* [TASK TO COMPLETE]
Copy out exactly the line that contains "Lemma GammaLC_pullback a" and all lines following it to the end of the data.
= = =
Lemma derive_upd2_fst n G x y a b u v : a <> b -> smoothE n G -> nz n (upd2 y a b u v) ->
  (a < n)%nat -> is_derive (fun t => G x (upd2 y a b t v)) u (dy a G x (upd2 y a b u v)).
Proof.
intros Hab HG Hnz Ha. rewrite (upd2_swap y a b u v Hab) in *.
apply (is_derive_ext (fun t => G x (upd2 y b a v t))).
{ intros t; rewrite upd2_swap; auto. }
apply (derive_upd2_snd n); auto.
Qed.

Lemma derive_Derive_upd2 n F x y a b r u v : a <> b -> (a < n)%nat -> (b < n)%nat ->
  smoothE n F ->
  (forall u v, Rabs (u - y a) < r -> Rabs (v - y b) < r -> nz n (upd2 y a b u v)) ->
  Rabs (u - y a) < r / 2 -> Rabs (v - y b) < r / 2 ->
  is_derive (fun z => Derive (fun t => F x (upd2 y a b z t)) v) u
    (dy a (dy b F) x (upd2 y a b u v)).
Proof.
intros Hab Ha Hb HF Hnz Hu Hv.
assert (Hr : 0 < r / 2) by (pose proof (Rabs_pos (u - y a)); lra).
apply (is_derive_ext_loc (fun z => dy b F x (upd2 y a b z v))).
- exists (mkposreal _ Hr). intros z Hz. cbn in Hz. unfold ball in Hz; cbn in Hz.
  unfold AbsRing_ball, abs, minus, plus, opp in Hz; cbn in Hz.
  symmetry. apply is_derive_unique, (derive_upd2_snd n); auto. apply Hnz; [|lra].
  replace (z - y a) with ((z + - u) + (u - y a)) by ring.
  pose proof (Rabs_triang (z + - u) (u - y a)). lra.
- apply (derive_upd2_fst n); auto using smoothE_dy. apply Hnz; lra.
Qed.

Lemma continuity_2d_upd2 n G x y a b : smoothE n G -> nz n y ->
  continuity_2d_pt (fun u v => G x (upd2 y a b u v)) (y a) (y b).
Proof.
intros HG Hy eps. rewrite upd2_same.
destruct (smoothE_cont n G x y HG Hy eps (cond_pos eps)) as [d [Hd Hc]].
assert (Hd2 : 0 < d / 2) by lra.
exists (mkposreal _ Hd2). intros u v Hu Hv. cbn in Hu, Hv. apply Hc.
intros i _. rewrite Rminus_diag, Rabs_R0. pose proof (upd2_dist y a b u v i). split; lra.
Qed.

Lemma dy_comm n F x y a b : smoothE n F -> nz n y -> (a < n)%nat -> (b < n)%nat ->
  dy a (dy b F) x y = dy b (dy a F) x y.
Proof.
intros HF Hy Ha Hb. destruct (Nat.eq_dec a b) as [->|Hab]; [reflexivity|].
destruct (nz_upd2_near n y a b Hy) as [r [Hr Hnz]].
assert (Hnz' : forall v u, Rabs (v - y b) < r -> Rabs (u - y a) < r -> nz n (upd2 y b a v u)).
{ intros v u Hv Hu. rewrite <- upd2_swap; auto. }
set (f u v := F x (upd2 y a b u v)).
assert (H1 : forall u v, Rabs (u - y a) < r / 2 -> Rabs (v - y b) < r / 2 ->
  is_derive (fun z => Derive (fun t => f z t) v) u (dy a (dy b F) x (upd2 y a b u v))).
{ intros u v Hu Hv. apply (derive_Derive_upd2 n F x y a b r); auto. }
assert (H2 : forall u v, Rabs (u - y a) < r / 2 -> Rabs (v - y b) < r / 2 ->
  is_derive (fun z => Derive (fun t => f t z) u) v (dy b (dy a F) x (upd2 y a b u v))).
{ intros u v Hu Hv. rewrite (upd2_swap y a b u v Hab).
  apply (is_derive_ext (fun z => Derive (fun t => F x (upd2 y b a z t)) u)).
  { intros z. apply Derive_ext. intros t. unfold f. rewrite upd2_swap; auto. }
  apply (derive_Derive_upd2 n F x y b a r); auto. }
assert (Hr4 : 0 < r / 2) by lra.
assert (Hcenter : Rabs (y a - y a) < r / 2 /\ Rabs (y b - y b) < r / 2)
  by (rewrite !Rminus_diag, Rabs_R0; lra).
rewrite <- (upd2_same y a b) at 1 2.
rewrite <- (is_derive_unique _ _ _ (H1 (y a) (y b) (proj1 Hcenter) (proj2 Hcenter))).
rewrite <- (is_derive_unique _ _ _ (H2 (y a) (y b) (proj1 Hcenter) (proj2 Hcenter))).
apply Schwarz.
- exists (mkposreal _ Hr4). intros u v Hu Hv. cbn in Hu, Hv.
  assert (Hnuv : nz n (upd2 y a b u v)) by (apply Hnz; lra).
  repeat split; eexists;
    [apply (derive_upd2_fst n)|apply (derive_upd2_snd n)|apply H1|apply H2]; auto.
- apply (continuity_2d_pt_ext_loc (fun u v => dy a (dy b F) x (upd2 y a b u v))).
  + exists (mkposreal _ Hr4). intros u v Hu Hv. symmetry. apply is_derive_unique, H1; auto.
  + apply (continuity_2d_upd2 n); auto using smoothE_dy.
- apply (continuity_2d_pt_ext_loc (fun u v => dy b (dy a F) x (upd2 y a b u v))).
  + exists (mkposreal _ Hr4). intros u v Hu Hv. symmetry. apply is_derive_unique, H2; auto.
  + apply (continuity_2d_upd2 n); auto using smoothE_dy.
Qed.

(** * Pullback of the horizontal connection *)

Lemma sumn_sym_cancel n (G P Q : nat -> nat -> R) :
  (forall a b, (a < n)%nat -> (b < n)%nat -> G a b = G b a) ->
  sumn n (fun a => sumn n (fun b => G a b * (P a b + Q a b - P b a)))
  = sumn n (fun a => sumn n (fun b => G a b * Q a b)).
Proof.
intros HG.
rewrite (sumn_ext _ _ (fun a => sumn n (fun b => G a b * P a b)
    + sumn n (fun b => G a b * Q a b) - sumn n (fun b => G a b * P b a))).
2:{ intros a Ha. rewrite <- sumn_plus, <- sumn_minus. apply sumn_ext; intros; ring. }
rewrite sumn_minus, sumn_plus.
enough (sumn n (fun a => sumn n (fun b => G a b * P b a))
        = sumn n (fun a => sumn n (fun b => G a b * P a b))) by lra.
rewrite sumn_swap. apply sumn_ext; intros a Ha. apply sumn_ext; intros b Hb.
rewrite HG; auto.
Qed.

Lemma sumn_contract_reorder n (G : nat -> nat -> R) (C : nat -> nat -> nat -> R) (D : nat -> R) :
  sumn n (fun a => sumn n (fun b => G a b * sumn n (fun c => C a b c * D c)))
  = sumn n (fun c => sumn n (fun a => sumn n (fun b => G a b * C a b c)) * D c).
Proof.
transitivity (sumn n (fun a => sumn n (fun c => sumn n (fun b => G a b * C a b c * D c)))).
- apply sumn_ext; intros a _. rewrite <- sumn_swap. apply sumn_ext; intros b _.
  rewrite sumn_scal_l. apply sumn_ext; intros; ring.
- rewrite sumn_swap. apply sumn_ext; intros c _.
  rewrite sumn_scal_r. apply sumn_ext; intros a _. rewrite sumn_scal_r. reflexivity.
Qed.

Lemma right_inverse_sym n (g h : nat -> nat -> R) :
  (forall i j, (i < n)%nat -> (j < n)%nat -> g i j = g j i) ->
  (forall i j, (i < n)%nat -> (j < n)%nat -> sumn n (fun k => g i k * h k j) = kron i j) ->
  forall a b, (a < n)%nat -> (b < n)%nat -> h a b = h b a.
Proof.
intros Hg Hh a b Ha Hb.
set (hgh := sumn n (fun m => sumn n (fun v => h m a * (g m v * h v b)))).
assert (E1 : hgh = h b a).
{ unfold hgh. rewrite (sumn_ext _ _ (fun m => h m a * kron m b)), sumn_kron; auto.
  intros m Hm. rewrite <- (Hh m b), sumn_scal_l; auto. }
assert (E2 : hgh = h a b).
{ unfold hgh. rewrite sumn_swap, (sumn_ext _ _ (fun v => h v b * kron v a)), sumn_kron; auto.
  intros v Hv. rewrite <- (Hh v a), sumn_scal_l; auto.
  apply sumn_ext; intros m Hm. rewrite (Hg v m); auto; ring. }
congruence.
Qed.

Section FinslerPullback.
Variables (n : nat) (L : Efun) (ginv : nat -> nat -> Efun) (s : vec -> vec).
Hypotheses (HL : smoothE n L)
  (Hinv : forall x y, nz n y -> forall mu la, (mu < n)%nat -> (la < n)%nat ->
            sumn n (fun nu => gF L mu nu x y * ginv nu la x y) = kron mu la)
  (Hs : forall mu, (mu < n)%nat -> smoothM n (fun x => s x mu))
  (Hs0 : forall x, nz n (s x)).

Lemma gF_smooth i j : (i < n)%nat -> (j < n)%nat -> smoothE n (gF L i j).
Proof. intros; unfold gF; apply smoothE_dy, smoothE_dy; auto. Qed.

Lemma gF_sym i j x y : nz n y -> (i < n)%nat -> (j < n)%nat -> gF L i j x y = gF L j i x y.
Proof. intros; unfold gF; apply (dy_comm n); auto. Qed.

Lemma ginv_sym a b x y : nz n y -> (a < n)%nat -> (b < n)%nat -> ginv a b x y = ginv b a x y.
Proof.
intros Hy Ha Hb.
apply (right_inverse_sym n (fun i j => gF L i j x y) (fun i j => ginv i j x y)); auto.
intros; apply gF_sym; auto.
Qed.

Lemma Cartan_sym13 a b c x y : nz n y -> (a < n)%nat -> (b < n)%nat -> (c < n)%nat ->
  Cartan L a b c x y = Cartan L c b a x y.
Proof.
intros Hy Ha Hb Hc. unfold Cartan, gF. f_equal.
transitivity (dy a (dy c (dy b L)) x y).
{ apply (dy_ext_nz n); auto. intros y' Hy'. apply (dy_comm n); auto. }
rewrite (dy_comm n); auto using smoothE_dy.
apply (dy_ext_nz n); auto. intros y' Hy'. apply (dy_comm n); auto.
Qed.

Lemma ddelta_gF_sym c i j x y : nz n y -> (i < n)%nat -> (j < n)%nat ->
  ddelta n L ginv c (gF L i j) x y = ddelta n L ginv c (gF L j i) x y.
Proof.
intros Hy Hi Hj. unfold ddelta, dx. f_equal.
- f_equal. apply functional_extensionality; intro x'. apply gF_sym; auto.
- apply sumn_ext; intros nu Hnu. f_equal. apply (dy_ext_nz n); auto.
  intros y' Hy'. apply gF_sym; auto.
Qed.

Lemma GammaHC_sym a b c x y : nz n y -> (b < n)%nat -> (c < n)%nat ->
  GammaHC n L ginv a b c x y = GammaHC n L ginv a c b x y.
Proof.
intros Hy Hb Hc. unfold GammaHC. f_equal. apply sumn_ext; intros si Hsi.
rewrite (ddelta_gF_sym si b c); auto. ring.
Qed.

Lemma pd_pullE F c x : smoothE n F -> (c < n)%nat ->
  pd (pullE s F) c x = ddelta n L ginv c F x (s x)
    + sumn n (fun b => dy b F x (s x) * Ds n L ginv s c b x).
Proof.
intros HF Hc. unfold pullE. erewrite pd_unique.
2:{ apply (chain_rule n); auto. intros b Hb.
    apply (pd_derivable (fun x' => s x' b)), (proj2 (Hs b Hb nil (Forall_nil _) x)); auto. }
unfold ddelta, Ds.
rewrite (sumn_ext n (fun b => dy b F x (s x) * (pd (fun x' => s x' b) c x + Nlin n L ginv b c x (s x)))
  (fun b => dy b F x (s x) * pd (fun x' => s x' b) c x + Nlin n L ginv b c x (s x) * dy b F x (s x)))
  by (intros; ring).
rewrite sumn_plus. ring.
Qed.

Lemma sumn_dy_gF i j x y (w : nat -> R) :
  sumn n (fun be => dy be (gF L i j) x y * w be) = 2 * sumn n (fun be => Cartan L be i j x y * w be).
Proof. rewrite sumn_scal_l. apply sumn_ext; intros; unfold Cartan; field. Qed.

Lemma GammaLC_pullback a b c x : (b < n)%nat -> (c < n)%nat ->
  GammaLC n L ginv s a b c x = GammaHC n L ginv a b c x (s x)
    + sumn n (fun si => ginv a si x (s x) *
        (sumn n (fun be => Cartan L be si c x (s x) * Ds n L ginv s b be x)
       + sumn n (fun be => Cartan L be si b x (s x) * Ds n L ginv s c be x)
       - sumn n (fun be => Cartan L be b c x (s x) * Ds n L ginv s si be x))).
Proof.
intros Hb Hc. unfold GammaLC, GammaHC. rewrite !sumn_scal_l, <- sumn_plus.
apply sumn_ext; intros si Hsi.
rewrite !pd_pullE, !sumn_dy_gF by auto using gF_smooth.
field.
Qed.

Lemma trace_GammaLC_pullback b x : (b < n)%nat ->
  sumn n (fun a => GammaLC n L ginv s a a b x)
  = sumn n (fun a => GammaHC n L ginv a a b x (s x))
    + sumn n (fun be => meanCartan n L ginv be x (s x) * Ds n L ginv s b be x).
Proof.
intros Hb. rewrite (sumn_ext _ _ _ (fun a Ha => GammaLC_pullback a a b x Ha Hb)), sumn_plus.
f_equal. rewrite sumn_sym_cancel by (intros; apply ginv_sym; auto).
rewrite sumn_contract_reorder. apply sumn_ext; intros be Hbe. f_equal.
unfold meanCartan. apply sumn_ext; intros a Ha. apply sumn_ext; intros si Hsi.
rewrite Cartan_sym13; auto.
Qed.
= = =
* [SOLUTION TO THIS PROBLEM]
Lemma GammaLC_pullback a b c x : (b < n)%nat -> (c < n)%nat ->
  GammaLC n L ginv s a b c x = GammaHC n L ginv a b c x (s x)
    + sumn n (fun si => ginv a si x (s x) *
        (sumn n (fun be => Cartan L be si c x (s x) * Ds n L ginv s b be x)
       + sumn n (fun be => Cartan L be si b x (s x) * Ds n L ginv s c be x)
       - sumn n (fun be => Cartan L be b c x (s x) * Ds n L ginv s si be x))).
Proof.
intros Hb Hc. unfold GammaLC, GammaHC. rewrite !sumn_scal_l, <- sumn_plus.
apply sumn_ext; intros si Hsi.
rewrite !pd_pullE, !sumn_dy_gF by auto using gF_smooth.
field.
Qed.

Lemma trace_GammaLC_pullback b x : (b < n)%nat ->
  sumn n (fun a => GammaLC n L ginv s a a b x)
  = sumn n (fun a => GammaHC n L ginv a a b x (s x))
    + sumn n (fun be => meanCartan n L ginv be x (s x) * Ds n L ginv s b be x).
Proof.
intros Hb. rewrite (sumn_ext _ _ _ (fun a Ha => GammaLC_pullback a a b x Ha Hb)), sumn_plus.
f_equal. rewrite sumn_sym_cancel by (intros; apply ginv_sym; auto).
rewrite sumn_contract_reorder. apply sumn_ext; intros be Hbe. f_equal.
unfold meanCartan. apply sumn_ext; intros a Ha. apply sumn_ext; intros si Hsi.
rewrite Cartan_sym13; auto.
Qed.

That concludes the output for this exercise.